What is needed here is an exact repetition of the records below, beginning at the line that has "general_position r s D F P ->" and stopping after the line that has "pose proof (general_position_marking_vertices_inj".

═══ RECORDS SUPPLIED

Lemma sumN_delta k x : sumN k (fun v => if Nat.eqb x v then 1 else 0) = if Nat.ltb x k then 1 else 0.
Proof.
  induction k as [|k IH]; simpl; [reflexivity|].
  rewrite IH; destruct (Nat.ltb_spec x k), (Nat.ltb_spec x (S k)), (Nat.eqb_spec x k); lia.
Qed.

Lemma sumN_countn_fibres N k (p : nat -> bool) (f : nat -> nat) : (forall i, i < k -> f i < N) ->
  sumN N (fun v => countn k (fun i => p i && Nat.eqb (f i) v)) = countn k p.
Proof.
  induction k as [|k IH]; simpl; intros Hf; [rewrite sumN_const; lia|].
  rewrite sumN_add, IH by (intros; apply Hf; lia).
  destruct (p k); simpl.
  - rewrite sumN_delta; destruct (Nat.ltb_spec (f k) N); [lia|].
    specialize (Hf k ltac:(lia)); lia.
  - rewrite sumN_const; lia.
Qed.

Lemma countn_le1 k p :
  (forall i j, i < k -> j < k -> p i = true -> p j = true -> i = j) -> countn k p <= 1.
Proof.
  induction k as [|k IH]; simpl; intros Huniq; [lia|].
  destruct (p k) eqn:Hpk.
  - enough (countn k p = 0) by lia.
    destruct (Nat.eq_dec (countn k p) 0) as [|Hne]; [assumption|].
    destruct (countn_gt0 k p ltac:(lia)) as [i [Hi Hpi]].
    specialize (Huniq i k ltac:(lia) ltac:(lia) Hpi Hpk); lia.
  - specialize (IH ltac:(intros; apply Huniq; auto; lia)); lia.
Qed.

Lemma countn_suffix r s : countn (r + s) (fun i => Nat.leb r i) = s.
Proof.
  induction s as [|s IH].
  - rewrite Nat.add_0_r.
    enough (forall j, j <= r -> countn j (fun i => Nat.leb r i) = 0) by auto.
    induction j as [|j IHj]; simpl; intros Hj; [reflexivity|].
    rewrite IHj by lia; destruct (Nat.leb_spec r j); lia.
  - rewrite Nat.add_succ_r; simpl; rewrite IH; destruct (Nat.leb_spec r (r + s)); lia.
Qed.

Variables (r s : nat) (D : list (Z * Z)) (C : curve).
Hypothesis HC : is_curve r s D C.

Local Notation val := (valence r s (length D) C).

Lemma sum_valence : sumN (nv C) val = 2 * ne C + (r + s) + length D.
Proof.
  destruct HC as [He [Hm [Hy _]]]; unfold valence; rewrite !sumN_add.
  pose proof (sumN_countn_fibres (nv C) (ne C) (fun _ => true) (esrc C)
                ltac:(intros; apply He; assumption)) as Hsrc.
  pose proof (sumN_countn_fibres (nv C) (ne C) (fun _ => true) (etgt C)
                ltac:(intros; apply He; assumption)) as Htgt.
  pose proof (sumN_countn_fibres (nv C) (r + s) (fun _ => true) (mvert C) Hm) as Hmark.
  pose proof (sumN_countn_fibres (nv C) (length D) (fun _ => true) (yvert C) Hy) as Hends.
  simpl in Hsrc, Htgt, Hmark, Hends; rewrite countn_true in Hsrc, Htgt, Hmark, Hends; lia.
Qed.

Hypothesis Hinj : forall i j, i < r + s -> j < r + s -> mvert C i = mvert C j -> i = j.
Hypothesis Hdesc : refined_descendant r s D C.

Definition complex_markings_at (v : nat) : nat :=
  countn (r + s) (fun i => Nat.leb r i && Nat.eqb (mvert C i) v).

Lemma valence_ge_complex_markings v : v < nv C -> 3 + complex_markings_at v <= val v.
Proof.
  intros Hv; pose proof (proj1 (proj2 (proj2 (proj2 (proj2 HC)))) v Hv) as Hval3.
  destruct (Nat.eq_dec (complex_markings_at v) 0) as [->|Hne]; [lia|].
  destruct (countn_gt0 _ _ (ltac:(lia) :
     0 < complex_markings_at v)) as [i [Hi Hpi]].
  apply andb_true_iff in Hpi as [Hri Hiv]; apply Nat.leb_le in Hri; apply Nat.eqb_eq in Hiv.
  assert (Hle1 : complex_markings_at v <= 1).
  { apply countn_le1; intros a b Ha Hb Hpa Hpb.
    apply andb_true_iff in Hpa as [_ Ha']; apply andb_true_iff in Hpb as [_ Hb'].
    apply Nat.eqb_eq in Ha'; apply Nat.eqb_eq in Hb'; apply Hinj; congruence. }
  assert (val v = 4) by (rewrite <- Hiv; apply (proj2 Hdesc); lia); lia.
Qed.

(* With the complex markings at distinct 4-valent vertices, the valences sum to at least
   [3 |V| + s]; an unmarked vertex of higher valence adds one more. *)
Lemma refined_descendant_unmarked_trivalent v0 :
  length D + r <= ne C + 3 -> v0 < nv C -> (forall i, i < r + s -> mvert C i <> v0) ->
  val v0 = 3.
Proof.
  intros Hsize Hv0 Hunmarked.
  pose proof (proj1 (proj2 (proj2 (proj2 (proj2 HC)))) v0 Hv0) as Hval3.
  destruct (Nat.eq_dec (val v0) 3) as [|Hne3]; [assumption | exfalso].
  assert (Hbound : forall v, v < nv C ->
            3 + complex_markings_at v + (if Nat.eqb v0 v then 1 else 0) <= val v).
  { intros v Hv; destruct (Nat.eqb_spec v0 v) as [<-|]; [|pose proof (valence_ge_complex_markings v Hv); lia].
    enough (complex_markings_at v0 = 0) by lia.
    destruct (Nat.eq_dec (complex_markings_at v0) 0) as [|Hne]; [assumption|].
    destruct (countn_gt0 _ _ (ltac:(lia) :
       0 < complex_markings_at v0)) as [i [Hi Hpi]].
    apply andb_true_iff in Hpi as [_ Hiv]; apply Nat.eqb_eq in Hiv.
    exfalso; exact (Hunmarked i Hi Hiv). }
  pose proof (sumN_le _ _ _ Hbound) as Hsum.
  rewrite !sumN_add, sumN_const, sumN_delta, sum_valence in Hsum.
  assert (Hcm : sumN (nv C) complex_markings_at = s)
    by (unfold complex_markings_at; rewrite sumN_countn_fibres; [apply countn_suffix | apply HC]).
  destruct (Nat.ltb_spec v0 (nv C)); [|lia].
  destruct HC as [_ [_ [_ [[Hnv _] _]]]]; lia.
Qed.

End Counting.

Lemma unoriented_refined_broccoli_refined_descendant r s D C :
  is_curve r s D C ->
  (forall i j, (i < r + s)%nat -> (j < r + s)%nat -> mvert C i = mvert C j -> i = j) ->
  unoriented_refined_broccoli r s D C -> refined_descendant r s D C.
Proof.
  intros HC Hinj Hbroc.
  assert (Hmv : forall i, (i < r + s)%nat -> (mvert C i < nv C)%nat) by apply HC.
  split; intros i Hi; destruct (Hbroc (mvert C i) (Hmv i ltac:(lia)))
    as [[Hval [j [Hj Hji]]] | [[Hval Hunm] | [Hval [j [Hj Hji]]]]].
  - exact Hval.
  - exfalso; exact (Hunm i ltac:(lia) eq_refl).
  - assert (i = j) by (apply Hinj; lia || assumption); lia.
  - assert (i = j) by (apply Hinj; lia || assumption); lia.
  - exfalso; exact (Hunm i ltac:(lia) eq_refl).
  - exact Hval.
Qed.

Lemma refined_descendant_unoriented_refined_broccoli r s D C :
  (forall v, (v < nv C)%nat -> (forall i, (i < r + s)%nat -> mvert C i <> v) ->
     valence r s (length D) C v = 3%nat) ->
  refined_descendant r s D C -> unoriented_refined_broccoli r s D C.
Proof.
  intros Hunmarked [Hreal Hcomplex] v Hv.
  destruct (classic (exists i, (i < r + s)%nat /\ mvert C i = v)) as [[i [Hi <-]] | Hno].
  - destruct (lt_dec i r) as [Hir|Hir].
    + left; split; [apply Hreal | exists i]; auto.
    + right; right; split; [apply Hcomplex | exists i; split]; auto; lia.
  - right; left; split; [apply Hunmarked; [assumption|] | ];
      intros i Hi Hiv; apply Hno; eauto.
Qed.

Theorem lemma3p21 (r s : nat) (D : list (Z * Z)) (F : nat -> bool) (P : list R) :
  Forall (fun v => v <> (0%Z, 0%Z)) D ->
  (r + 2 * s + cardF (length D) F + 1 = length D)%nat ->
  general_position r s D F P ->
  forall C : curve, is_curve r s D C -> ev_F r s D F C = P ->
    (refined_descendant r s D C <-> unoriented_refined_broccoli r s D C).
Proof.
  intros _ Hsize Hgp C HC HP.
  pose proof (general_position_marking_vertices_inj r s D F P C) as Hinj.
  pose proof (general_position_edge_bound r s D F P C Hgp HC HP) as Hedges.
  split.
  - intros Hdesc; apply refined_descendant_unoriented_refined_broccoli; [|assumption].
    intros v Hv Hunmarked.
    apply (refined_descendant_unmarked_trivalent r s D C HC); auto.
    unfold cardF in *; lia.
  - apply unoriented_refined_broccoli_refined_descendant; auto.
Qed.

══════

• TASK OUTPUT:
  general_position r s D F P ->
  forall C : curve, is_curve r s D C -> ev_F r s D F C = P ->
    (refined_descendant r s D C <-> unoriented_refined_broccoli r s D C).
Proof.
  intros _ Hsize Hgp C HC HP.
  pose proof (general_position_marking_vertices_inj r s D F P C) as Hinj.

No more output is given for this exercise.